What are the main findings?Dr. Mavaddat: Recent large-scale genome wide association analyses have led to the discovery of genetic variation- called single nucleotide polymorphisms (SNPs) associated with breast cancer risk. Individually these variants confer risks that are too small to be useful for risk prediction. But when combined as a single score, called a polygenic risk score (PRS), this score may be used to stratify women according to their risk of developing breast cancer. This stratification could guide strategies for screening and prevention.
Our study was a large international collaboration involving 41 research groups from many different countries and included 33,673 breast cancer patients and 33,381 controls. We found that the genetic variants act more or less independently, and that the more risk variants a woman has the higher her risk of breast cancer. When women were ranked according to their PRS, women with scores in the top 1% had a threefold increased risk of breast cancer. This translates into an absolute risk of breast cancer of 29% by age 80. By contrast, women with the lowest 1% scores had a risk of 3.5%.

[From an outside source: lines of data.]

(* Let $G$ be a $\lambda$-graph, $B$ a bisimulation on the nodes of $G$, and $Q$ a query over $G$ with $Q\subseteq B$. Then $Q^{\Downarrow}$ is a bisimulation.
   Context: A pre-$\lambda$-graph is a directed graph whose nodes are of four kinds: an application node $@(n_1,n_2)$ has exactly two children, its left child $n_1$ and its right child $n_2$; an abstraction node $\lambda(n)$ has exactly one child, its body $n$; a free variable node has no children and carries an atom $\mathrm{id}(n)$ from a fixed set of atoms, distinct free variable nodes carrying distinct atoms; a bound variable node $\mathrm{var}(l)$ has exactly one outgoing binding edge, to an abstraction node $l$ (its binder). A trace is a finite sequence of directions from $\{\swarrow,\downarrow,\searrow\}$; $\epsilon$ is the empty trace and $d\cdot\tau$ is the trace $\tau$ extended by one final step $d$. Paths $n\xrightarrow{\tau}m$ are defined inductively: $n\xrightarrow{\epsilon}n$; if $n\xrightarrow{\tau}\lambda(m)$ then $n\xrightarrow{\downarrow\cdot\tau}m$; if $n\xrightarrow{\tau}@(m_1,m_2)$ then $n\xrightarrow{\swarrow\cdot\tau}m_1$ and $n\xrightarrow{\searrow\cdot\tau}m_2$ (binding edges are never followed). The path $n\xrightarrow{\tau}$ crosses a node $m$ if either $n\xrightarrow{\tau}m$, or $\tau=d\cdot\tau'$ and $n\xrightarrow{\tau'}$ crosses $m$. A root is a node $r$ such that the only path ending in $r$ has the empty trace. A node $m$ dominates $n$ if every path from a root to $n$ crosses $m$. A $\lambda$-graph is a pre-$\lambda$-graph that has finitely many nodes, is acyclic ($n\xrightarrow{\tau}n$ holds only for $\tau=\epsilon$), and is dominated (every bound variable node $\mathrm{var}(l)$ is dominated by its binder $l$). Two nodes are homogeneous if both are application nodes, or both abstraction nodes, or both free variable nodes, or both bound variable nodes; a binary relation $R$ on nodes is homogeneous if it only relates homogeneous nodes. Rules: $(\swarrow)$: $@(n_1,n_2)\,R\,@(m_1,m_2)$ implies $n_1\,R\,m_1$; $(\searrow)$: $@(n_1,n_2)\,R\,@(m_1,m_2)$ implies $n_2\,R\,m_2$; $(\downarrow)$: $\lambda(n)\,R\,\lambda(m)$ implies $n\,R\,m$; $(\circlearrowright)$: $\mathrm{var}(n)\,R\,\mathrm{var}(m)$ implies $n\,R\,m$. $R$ is propagated if closed under $(\swarrow),(\downarrow),(\searrow)$. A bisimulation is a homogeneous propagated relation closed also under $(\circlearrowright)$. $R^{\Downarrow}$ (propagation) is the smallest propagated relation containing $R$. A query over $G$ is a binary relation on the roots of $G$. *)

From Stdlib Require Import List.
Import ListNotations.
Set Implicit Arguments.

Inductive node (V A : Type) : Type :=
| App  : V -> V -> node V A
| Abs  : V -> node V A
| FVar : A -> node V A
| BVar : V -> node V A.          (* var(l), binding edge to l *)

Arguments App {V A}. Arguments Abs {V A}. Arguments FVar {V A}. Arguments BVar {V A}.

Inductive dir : Type := DL | DD | DR .

(* A trace; the head of the list is the LAST step: (d :: tau) is d . tau. *)
Definition trace := list dir.

Section Graph.
Variables (V A : Type) (lab : V -> node V A).

Definition pre_lambda_graph : Prop :=
  (forall v w a, lab v = FVar a -> lab w = FVar a -> v = w) /\
  (forall v l, lab v = BVar l -> exists b, lab l = Abs b).

Inductive Path (n : V) : trace -> V -> Prop :=
| Path_nil : Path n [] n
| Path_abs : forall tau l m, Path n tau l -> lab l = Abs m -> Path n (DD :: tau) m
| Path_left : forall tau l m1 m2, Path n tau l -> lab l = App m1 m2 -> Path n (DL :: tau) m1
| Path_right : forall tau l m1 m2, Path n tau l -> lab l = App m1 m2 -> Path n (DR :: tau) m2.

Fixpoint crosses (n : V) (tau : trace) (m : V) : Prop :=
  Path n tau m \/ match tau with [] => False | _ :: tau' => crosses n tau' m end.

Definition is_root (r : V) : Prop := forall n tau, Path n tau r -> tau = [].

Definition dominates (m n : V) : Prop :=
  forall r tau, is_root r -> Path r tau n -> crosses r tau m.

Definition finite_nodes : Prop := exists l : list V, forall v, In v l.

Definition acyclic : Prop := forall n tau, Path n tau n -> tau = [].

Definition dominated : Prop := forall v l, lab v = BVar l -> dominates l v.

Definition lambda_graph : Prop :=
  pre_lambda_graph /\ finite_nodes /\ acyclic /\ dominated.

Definition homogeneous_nodes (n m : V) : Prop :=
  match lab n, lab m with
  | App _ _, App _ _ | Abs _, Abs _ | FVar _, FVar _ | BVar _, BVar _ => True
  | _, _ => False
  end.

Definition homogeneous (R : V -> V -> Prop) : Prop :=
  forall n m, R n m -> homogeneous_nodes n m.

Definition propagated (R : V -> V -> Prop) : Prop :=
  (forall n m n1 n2 m1 m2, R n m -> lab n = App n1 n2 -> lab m = App m1 m2 -> R n1 m1) /\
  (forall n m n1 n2 m1 m2, R n m -> lab n = App n1 n2 -> lab m = App m1 m2 -> R n2 m2) /\
  (forall n m n' m', R n m -> lab n = Abs n' -> lab m = Abs m' -> R n' m').

Definition closed_binders (R : V -> V -> Prop) : Prop :=
  forall n m l l', R n m -> lab n = BVar l -> lab m = BVar l' -> R l l'.

Definition bisimulation (R : V -> V -> Prop) : Prop :=
  homogeneous R /\ propagated R /\ closed_binders R.

Inductive propagation (R : V -> V -> Prop) : V -> V -> Prop :=
| prop_base : forall n m, R n m -> propagation R n m
| prop_left : forall n m n1 n2 m1 m2, propagation R n m ->
    lab n = App n1 n2 -> lab m = App m1 m2 -> propagation R n1 m1
| prop_right : forall n m n1 n2 m1 m2, propagation R n m ->
    lab n = App n1 n2 -> lab m = App m1 m2 -> propagation R n2 m2
| prop_abs : forall n m n' m', propagation R n m ->
    lab n = Abs n' -> lab m = Abs m' -> propagation R n' m'.

Definition query (Q : V -> V -> Prop) : Prop :=
  forall n m, Q n m -> is_root n /\ is_root m.

End Graph.

From Stdlib Require Import List Lia.
Import ListNotations.
Set Implicit Arguments.

(* A pair (n, m) of the propagation Q^Downarrow is reached from a
   query pair of roots (r, s) along one common trace t.  Since Q is contained
   in the bisimulation B and B is propagated, Q^Downarrow is contained in B;
   this gives homogeneity, and propagation is closed under the child rules by
   construction.  The only real work is the binder rule: for n = var(l) and
   m = var(l'), domination says the paths r --t--> n and s --t--> m cross l
   and l' along suffixes p and q of t.  If p <> q, say q = e ++ p with e
   non-empty, then s --p--> y --e--> l' and (l, y) lies in Q^Downarrow, hence
   in B; as also B l l', the nodes y and l' have the same traces although l'
   is a proper descendant of y.  Pumping e then yields arbitrarily long paths
   from l', which a finite acyclic graph cannot have.  So p = q and the
   binders (l, l') are themselves reached from (r, s) along a common trace. *)

Section LambdaGraphs.
Variables (V A : Type) (lab : V -> node V A).

Notation Path := (Path lab).
Notation propagation := (propagation lab).
Notation bisimulation := (bisimulation lab).

(* Paths compose; note that traces are written last step first. *)
Lemma path_concat u v w t1 t2 :
  Path u t1 v -> Path v t2 w -> Path u (t2 ++ t1) w.
Proof.
  intros H1 H2; induction H2; simpl; auto.
  - eapply Path_abs; eauto.
  - eapply Path_left; eauto.
  - eapply Path_right; eauto.
Qed.

Lemma path_split u t2 : forall t1 w,
  Path u (t2 ++ t1) w -> exists v, Path u t1 v /\ Path v t2 w.
Proof.
  induction t2 as [|d t2 IH]; simpl; intros t1 w H.
  - exists w; split; [exact H | constructor].
  - inversion H as [|? l ? Hp Hl|? l ? ? Hp Hl|? l ? ? Hp Hl]; subst;
      destruct (IH _ _ Hp) as (v & Hv1 & Hv2); exists v; split; auto.
    + eapply Path_abs; eauto.
    + eapply Path_left; eauto.
    + eapply Path_right; eauto.
Qed.

(* Induction on paths treating the three kinds of edges uniformly: the last
   step of a path is a one-step path [d]. *)
Lemma Path_ind_step (n : V) (P : trace -> V -> Prop) :
  P [] n ->
  (forall tau l d m, Path n tau l -> P tau l -> Path l [d] m -> P (d :: tau) m) ->
  forall tau m, Path n tau m -> P tau m.
Proof.
  intros Hnil Hstep tau m H; induction H; auto.
  - eapply Hstep; eauto. eapply Path_abs; eauto. constructor.
  - eapply Hstep; eauto. eapply Path_left; eauto. constructor.
  - eapply Hstep; eauto. eapply Path_right; eauto. constructor.
Qed.

Lemma crosses_suffix {r m t} :
  crosses lab r t m -> exists d p, t = d ++ p /\ Path r p m.
Proof.
  induction t as [|x t IH]; simpl; intros [H|H].
  - exists [], []; auto.
  - contradiction.
  - exists [], (x :: t); auto.
  - destruct (IH H) as (d & p & -> & Hp). exists (x :: d), p; auto.
Qed.

(* In an acyclic graph the nodes along a path are pairwise distinct; we
   record them as a duplicate-free list, one longer than the trace, of nodes
   all reaching the end of the path. *)
Lemma path_distinct_nodes (Hac : acyclic lab) u t w :
  Path u t w -> exists vs, length vs = S (length t) /\ NoDup vs /\
    forall v, In v vs -> exists t', Path v t' w.
Proof.
  revert t w; apply Path_ind_step.
  - exists [u]; repeat split.
    + repeat constructor; auto.
    + intros v [<-|[]]; exists []; constructor.
  - intros tau l d m _ (vs & Hlen & Hnd & Hreach) Hd.
    exists (m :: vs); repeat split.
    + simpl; lia.
    + constructor; auto. intros Hm.
      destruct (Hreach _ Hm) as [t' Ht'].
      discriminate (Hac _ _ (path_concat Ht' Hd)).
    + intros v [<-|Hv]; [exists []; constructor|].
      destruct (Hreach _ Hv) as [t' Ht'].
      exists ([d] ++ t'); eapply path_concat; eauto.
Qed.

Lemma path_length_bound (Hac : acyclic lab) (nodes : list V)
  (Hnodes : forall v, In v nodes) u t w :
  Path u t w -> length t < length nodes.
Proof.
  intros H. destruct (path_distinct_nodes Hac H) as (vs & Hlen & Hnd & _).
  enough (length vs <= length nodes) by lia.
  apply NoDup_incl_length; auto. intros x _; auto.
Qed.

Definition has_trace (u : V) (t : trace) : Prop := exists w, Path u t w.

Definition same_traces (u v : V) : Prop := forall t, has_trace u t <-> has_trace v t.

(* Pumping: a node cannot have the same traces as a proper descendant, since
   then the descent could be repeated forever inside a finite acyclic graph. *)
Lemma no_trace_equivalent_descendant (Hfin : finite_nodes V) (Hac : acyclic lab)
  x z e : same_traces x z -> Path x e z -> e = [].
Proof.
  intros Hsame Hxz. destruct Hfin as [nodes Hnodes].
  assert (Hlong : forall k, exists t, has_trace z t /\ k * length e <= length t).
  { induction k as [|k (t & [w Hw] & Hk)].
    - exists []; split; [exists z; constructor | simpl; lia].
    - exists (t ++ e); split.
      + apply Hsame. exists w. eapply path_concat; eauto.
      + rewrite length_app; simpl; lia. }
  destruct (Hlong (length nodes)) as (t & [w Hw] & Hk).
  pose proof (path_length_bound Hac nodes Hnodes Hw).
  destruct e; [reflexivity | simpl in Hk; nia].
Qed.

Lemma bisimulation_converse (B : V -> V -> Prop) :
  bisimulation B -> bisimulation (fun n m => B m n).
Proof.
  intros (Hh & (Hl & Hr & Ha) & Hc); repeat split; intros n m; intros.
  - specialize (Hh _ _ H); unfold homogeneous_nodes in *.
    destruct (lab n), (lab m); auto.
  - eapply Hl; eauto.
  - eapply Hr; eauto.
  - eapply Ha; eauto.
  - eapply Hc; eauto.
Qed.

Lemma bisimulation_step {B : V -> V -> Prop} {u v d u'} :
  bisimulation B -> B u v -> Path u [d] u' -> exists v', Path v [d] v' /\ B u' v'.
Proof.
  intros (Hh & (Hl & Hr & Ha) & _) Huv Hstep.
  pose proof (Hh _ _ Huv) as Hk; unfold homogeneous_nodes in Hk.
  inversion Hstep as [|? l ? Hp Hlab|? l ? ? Hp Hlab|? l ? ? Hp Hlab]; subst;
    inversion Hp; subst; rewrite Hlab in Hk; destruct (lab v) eqn:Ev; try contradiction.
  - exists v0; split; [eapply Path_abs; eauto; constructor | eauto].
  - exists v0; split; [eapply Path_left; eauto; constructor | eauto].
  - exists v1; split; [eapply Path_right; eauto; constructor | eauto].
Qed.

Lemma bisimulation_path {B : V -> V -> Prop} {u v t u'} :
  bisimulation B -> B u v -> Path u t u' -> exists v', Path v t v' /\ B u' v'.
Proof.
  intros HB Huv; revert t u'; apply Path_ind_step.
  - exists v; split; [constructor | exact Huv].
  - intros tau l d m _ (w & Hw & Blw) Hd.
    destruct (bisimulation_step HB Blw Hd) as (w' & Hw' & Bmw').
    exists w'; split; auto. apply (path_concat Hw Hw').
Qed.

Lemma bisimulation_same_traces {B : V -> V -> Prop} {u v} :
  bisimulation B -> B u v -> same_traces u v.
Proof.
  intros HB Huv t; split; intros [w Hw].
  - destruct (bisimulation_path HB Huv Hw) as (x & Hx & _); exists x; auto.
  - destruct (bisimulation_path (bisimulation_converse HB) Huv Hw) as (x & Hx & _).
    exists x; auto.
Qed.

Lemma bisimilar_descendant_trivial (Hfin : finite_nodes V) (Hac : acyclic lab)
  {B : V -> V -> Prop} {a x z e} :
  bisimulation B -> B a x -> B a z -> Path x e z -> e = [].
Proof.
  intros HB Hax Haz Hxz. apply (no_trace_equivalent_descendant Hfin Hac (x := x) (z := z)); auto.
  intros t. rewrite <- (bisimulation_same_traces HB Hax t).
  apply (bisimulation_same_traces HB Haz t).
Qed.

Lemma propagation_paths {Q : V -> V -> Prop} {n m} :
  propagation Q n m -> exists r s t, Q r s /\ Path r t n /\ Path s t m.
Proof.
  intros H; induction H as [n m Hq| | |]; try destruct IHpropagation as (r & s & t & Hq & Hr & Hs).
  - exists n, m, []; repeat split; auto; constructor.
  - exists r, s, (DL :: t); repeat split; auto; eapply Path_left; eauto.
  - exists r, s, (DR :: t); repeat split; auto; eapply Path_right; eauto.
  - exists r, s, (DD :: t); repeat split; auto; eapply Path_abs; eauto.
Qed.

Lemma paths_propagation {Q : V -> V -> Prop} {r s t} :
  Q r s -> forall n m, Path r t n -> Path s t m -> propagation Q n m.
Proof.
  intros Hq; induction t as [|d t IH]; intros n m Hn Hm.
  - inversion Hn; inversion Hm; subst; constructor; auto.
  - inversion Hn; subst; inversion Hm; subst.
    + eapply prop_abs; eauto.
    + eapply prop_left; eauto.
    + eapply prop_right; eauto.
Qed.

Lemma propagation_sub_bisimulation (B Q : V -> V -> Prop) :
  bisimulation B -> (forall n m, Q n m -> B n m) ->
  forall n m, propagation Q n m -> B n m.
Proof.
  intros (_ & (Hl & Hr & Ha) & _) HQB n m H; induction H; eauto.
Qed.

Lemma propagation_closed_binders (B Q : V -> V -> Prop) :
  lambda_graph lab -> bisimulation B -> query lab Q ->
  (forall n m, Q n m -> B n m) -> closed_binders lab (propagation Q).
Proof.
  intros (_ & Hfin & Hac & Hdom) HB HQ HQB n m l l' Hnm Hn Hm.
  pose proof (propagation_sub_bisimulation HB HQB) as Hsub.
  assert (Bll : B l l') by exact (proj2 (proj2 HB) _ _ _ _ (Hsub _ _ Hnm) Hn Hm).
  destruct (propagation_paths Hnm) as (r & s & t & Hq & Hr & Hs).
  destruct (HQ _ _ Hq) as [Rr Rs].
  destruct (crosses_suffix (Hdom _ _ Hn _ _ Rr Hr)) as (d1 & p & Ht & Hp).
  destruct (crosses_suffix (Hdom _ _ Hm _ _ Rs Hs)) as (d2 & q & Ht' & Hq').
  rewrite Ht in Ht'; destruct (app_eq_app _ _ _ _ Ht') as (e & [[_ ->]|[_ ->]]).
  - (* q = e ++ p: s reaches some y along p, and l' descends from y along e *)
    destruct (path_split _ _ Hq') as (y & Hy & Hyl').
    assert (Bly : B l y) by exact (Hsub _ _ (paths_propagation Hq Hp Hy)).
    assert (e = []) as -> by exact (bisimilar_descendant_trivial Hfin Hac HB Bly Bll Hyl').
    exact (paths_propagation Hq Hp Hq').
  - (* p = e ++ q: symmetric, using the converse of B *)
    destruct (path_split _ _ Hp) as (y & Hy & Hyl).
    assert (Byl' : B y l') by exact (Hsub _ _ (paths_propagation Hq Hy Hq')).
    assert (e = []) as ->
      by exact (bisimilar_descendant_trivial Hfin Hac (bisimulation_converse HB) Byl' Bll Hyl).
    exact (paths_propagation Hq Hp Hq').
Qed.

End LambdaGraphs.

Theorem mainTheorem9 (V A : Type) (lab : V -> node V A)
  (HG : lambda_graph lab)
  (B Q : V -> V -> Prop)
  (HB : bisimulation lab B)
  (HQ : query lab Q)
  (HQB : forall n m, Q n m -> B n m) :
  bisimulation lab (propagation lab Q).
Proof.
  split; [|split; [split; [|split]|]].
  -
    intros n m H. exact (proj1 HB _ _ (propagation_sub_bisimulation HB HQB H)).
  - intros; eapply prop_left; eauto.
  - intros; eapply prop_right; eauto.
  - intros; eapply prop_abs; eauto.
  - exact (propagation_closed_binders HG HB HQ HQB).
Qed.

The PRS was effective in stratifying women with and without a family history of breast cancer, so that highest risk was for women with a family history and a high PRS. Finally, we showed that the PRS was better at predicting the risk of ER-positive breast cancer (potentially relevant to the application of risk stratification to chemoprevention for example, with tamoxifen, raloxifene or aromatase inhibitors).
There has been much debate as to whether genomic profiles are useful for individual risk prediction, especially in the context of the preventative strategies available at the present time. The estimates provided in this study will help inform these debates.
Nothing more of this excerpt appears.